その後、モンド隊長は王都に居る上司や冒険者ギルドと連絡を取っている。あたしの事を分かる範囲で説明したのは間違いない。冒険者ギルド側としては、あたしの機嫌を損ねるのはマイナスだから、モンド隊長からされた説明を通過する町の支部長クラスには話す……いや、話したのは今のジーチャの返事から分かる。
それを聞いていて、尚且つ、あたしが主導して話しているというのに、こいつもそれ等の事実を関連付けられないの?

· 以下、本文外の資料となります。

Definition lam_size (C : Type) (lam : int -> C) (m : nat) : Prop :=
  is_period lam m%:Z /\ forall k : int, is_period lam k -> (m%:Z %| k)%Z.

(* The module A'(lam, zdot, a) = C[t,t^-1]/(t^m - a), m = |lam| > 0,
   in the basis (images of) t^0, ..., t^(m-1).  The image of t^i (i in Z)
   is a^(i div m) t^(i mod m). *)
Definition tvec (C : fieldType) (m : nat) (a : C) (i : int) : 'cV[C]_m :=
  \col_(j < m) (if (j : nat) == absz (i %% m%:Z)%Z then a ^ (i %/ m%:Z)%Z else 0).

(* matrix of x : column j is the image of x t^j = t^(j+1) *)
Definition Ap_X (C : fieldType) (m : nat) (a : C) : 'M[C]_m :=
  \matrix_(k < m, j < m) tvec m a ((j : nat)%:Z + 1) k ord0.

Definition Ap_H (C : fieldType) (m : nat) (lam : int -> C) (a : C) : 'M[C]_m :=
  \matrix_(k < m, j < m) (lam (j : nat)%:Z *: tvec m a (j : nat)%:Z) k ord0.

Definition Ap_Y (C : fieldType) (m : nat) (lam : int -> C) (zd a : C)
  : 'M[C]_m :=
  \matrix_(k < m, j < m)
     ((lam (j : nat)%:Z + zd) *: tvec m a ((j : nat)%:Z - 1)) k ord0.

Definition mod_iso (C : fieldType) (n : nat) (X Y H X' Y' H' : 'M[C]_n) : Prop :=
  exists P : 'M[C]_n,
    [/\ P \in unitmx, P *m X = X' *m P, P *m Y = Y' *m P & P *m H = H' *m P].

From HB Require Import structures.
From mathcomp Require Import all_boot all_order all_algebra zify.
Import Order.TTheory GRing.Theory Num.Theory.
Set Implicit Arguments.
Unset Strict Implicit.
Unset Printing Implicit Defensive.
Local Open Scope ring_scope.

(* By Schur's lemma the central element xy - h is a scalar z, so
   yx = f(h) + z.  The image of a stable power of x is then a submodule, which
   is nonzero because x^n <> 0; hence x is invertible.  Since h x = x f(h),
   x^k carries the mu-eigenspace of h into its f^k(mu)-eigenspace; h having at
   most n eigenvalues, some eigenvalue mu is f-periodic, of least period
   p <= n.  Then x^p preserves the mu-eigenspace and has an eigenvector w in it,
   with eigenvalue a <> 0.  The vectors x^k w satisfy x^(k+p) w = a x^k w,
   h x^k w = f^k(mu) x^k w and y x^(k+1) w = (f^(k+1)(mu) + z) x^k w, so they
   span a submodule, which must be V; thus p = n and w, xw, ..., x^(n-1) w is a
   basis in which x, y, h act exactly as on A'(lam, z, a), where lam is the
   periodic orbit i |-> f^(i mod n)(mu). *)

Lemma peval_mx_horner (C : comNzRingType) (n : nat) (p : {poly C})
    (A : 'M[C]_n.+1) :
  peval_mx p A = horner_mx A p.
Proof.
rewrite /peval_mx -[X in horner_mx _ X]coefK poly_def rmorph_sum.
apply: eq_bigr => i _; rewrite -mul_polyC rmorphM /= horner_mx_C rmorphXn /=.
by rewrite horner_mx_X -mulmxE mul_scalar_mx.
Qed.

Lemma horner_mx_eigen (C : comNzRingType) (n m : nat) (A : 'M[C]_n.+1)
    (V : 'M[C]_(n.+1, m)) (mu : C) (p : {poly C}) :
  A *m V = mu *: V -> horner_mx A p *m V = p.[mu] *: V.
Proof.
move=> AV; elim/poly_ind: p => [|q c IHq].
  by rewrite rmorph0 mul0mx horner0 scale0r.
rewrite rmorphD rmorphM /= horner_mx_X horner_mx_C mulmxDl -mulmxE -mulmxA AV.
by rewrite -scalemxAr IHq scalerA mul_scalar_mx hornerMXaddC scalerDl mulrC.
Qed.

Lemma eq_mx_col (R : Type) (m n : nat) (A B : 'M[R]_(m, n)) :
  (forall j, col j A = col j B) -> A = B.
Proof.
by move=> eqAB; apply/matrixP => i j; have /colP/(_ i) := eqAB j; rewrite !mxE.
Qed.

Lemma col_mulmx (R : pzRingType) (m n p : nat) (A : 'M[R]_(m, n))
    (B : 'M[R]_(n, p)) (j : 'I_p) :
  col j (A *m B) = A *m col j B.
Proof. by rewrite !colE mulmxA. Qed.

Lemma tr_eigen (C : fieldType) (m n : nat) (A : 'M[C]_n) (V : 'M[C]_(m, n))
    (mu : C) :
  V *m A^T = mu *: V <-> A *m V^T = mu *: V^T.
Proof.
split=> eAV; first by rewrite -[A]trmxK -trmx_mul eAV linearZ.
by apply: trmx_inj; rewrite trmx_mul trmxK eAV linearZ.
Qed.

Lemma mx_invariant_intertwine (C : fieldType) (n : nat) (M W B : 'M[C]_n) :
  M *m W = W *m B -> mx_invariant M W.
Proof. by move=> eMW; rewrite /mx_invariant eMW trmx_mul submxMl. Qed.

Lemma mx_invariant_cols (C : fieldType) (n : nat) (M W : 'M[C]_n) :
  (forall j, ((M *m col j W)^T <= W^T)%MS) -> mx_invariant M W.
Proof. by move=> sub; apply/row_subP => j; rewrite -tr_col col_mulmx. Qed.

Lemma mod_iso_intertwine (C : fieldType) (n : nat) (X Y H X' Y' H' W : 'M[C]_n) :
  W \in unitmx -> X *m W = W *m X' -> Y *m W = W *m Y' -> H *m W = W *m H' ->
  mod_iso X Y H X' Y' H'.
Proof.
move=> Wu eX eY eH.
have conj (M M' : 'M[C]_n) : M *m W = W *m M' -> invmx W *m M = M' *m invmx W.
  move=> eM; rewrite -[invmx W *m M]mulmx1 -(mulmxV Wu) !mulmxA.
  by rewrite -[invmx W *m M *m W]mulmxA eM mulmxA mulVmx // mul1mx.
by exists (invmx W); split; rewrite ?unitmx_inv //; apply: conj.
Qed.

Lemma col_eigenvector (C : numClosedFieldType) (n : nat) (A : 'M[C]_n.+1) :
  exists mu (w : 'cV[C]_n.+1), w != 0 /\ A *m w = mu *: w.
Proof.
have [mu /eigenvalueP [v /tr_eigen Av v_neq0]] := eigenvalue_closed A^T (ltn0Sn n).
by exists mu, v^T; rewrite trmx_eq0.
Qed.

Lemma col_eigen_root (C : fieldType) (n : nat) (A : 'M[C]_n) (w : 'cV[C]_n)
    (mu : C) :
  w != 0 -> A *m w = mu *: w -> root (char_poly A^T) mu.
Proof.
move=> w_neq0 Aw; rewrite -eigenvalue_root_char; apply/eigenvalueP.
by exists w^T; [apply/tr_eigen; rewrite trmxK | rewrite trmx_eq0].
Qed.

Lemma uniq_roots_char_poly (C : fieldType) (n : nat) (A : 'M[C]_n) (s : seq C) :
  uniq s -> all (root (char_poly A)) s -> (size s <= n)%N.
Proof.
move=> s_uniq s_roots.
have := max_poly_roots (monic_neq0 (char_poly_monic A)) s_roots s_uniq.
by rewrite size_char_poly.
Qed.

Lemma stable_eigenvector (C : numClosedFieldType) (m n : nat) (V : 'M[C]_(m, n))
    (B : 'M[C]_n) :
  stablemx V B -> V != 0 ->
  exists a (u : 'rV[C]_n), [/\ u != 0, (u <= V)%MS & u *m B = a *: u].
Proof.
move=> sVB V_neq0; have rV : (0 < \rank V)%N by rewrite lt0n mxrank_eq0.
have [a /eigenvalueP [u0 u0B u0_neq0]] :=
  eigenvalue_closed (conjmx (row_base V) B) rV.
have uB : (u0 *m row_base V <= eigenspace B a)%MS.
  rewrite -sub_eigenspace_conjmx ?stablemx_row_base ?row_base_free //.
  exact/eigenspaceP.
exists a, (u0 *m row_base V); split; last exact/eigenspaceP.
- by rewrite mulmx_free_eq0 ?row_base_free.
- by rewrite mulmx_sub // eq_row_base.
Qed.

なんか、お前等、頭を使えよ!? とか思ってしまうあたしは悪くない、筈。
まともに付き合っているのもバカバカしいから、結論を言って、とっとと話を纏めてしまおう。
「盗賊を捕まえた罠――というか魔法を施していたのはあたし。盗賊をルチタンまで運ぶ為の乗り物等を用意したのもあたし。盗賊のアジトを見付けたのも、盗品を見付けたのも、あたし。だから盗品は全てあたしが回収した。この状態でネスがどこかで手を出すのは他人の手柄を横取りする行為。つまり、冒険者的にはマナー違反じゃないの?」
「ぐ……」
「あたしが一人で動こうとするのをネスが心配して着いては来たけど、あたしが全て先んじて動くからネスが出来る事はなかった。そんな状態のネスに、あんたは何を求めるって言うの。正当な手柄を立てた者からそれを奪えと? その行為の方が、Aプラスランクの名誉を傷付けるでしょうが」
「……」
俯き、拳を握るジーチャ。その手が震えている事から、相当悔しいのだろう。――アホか。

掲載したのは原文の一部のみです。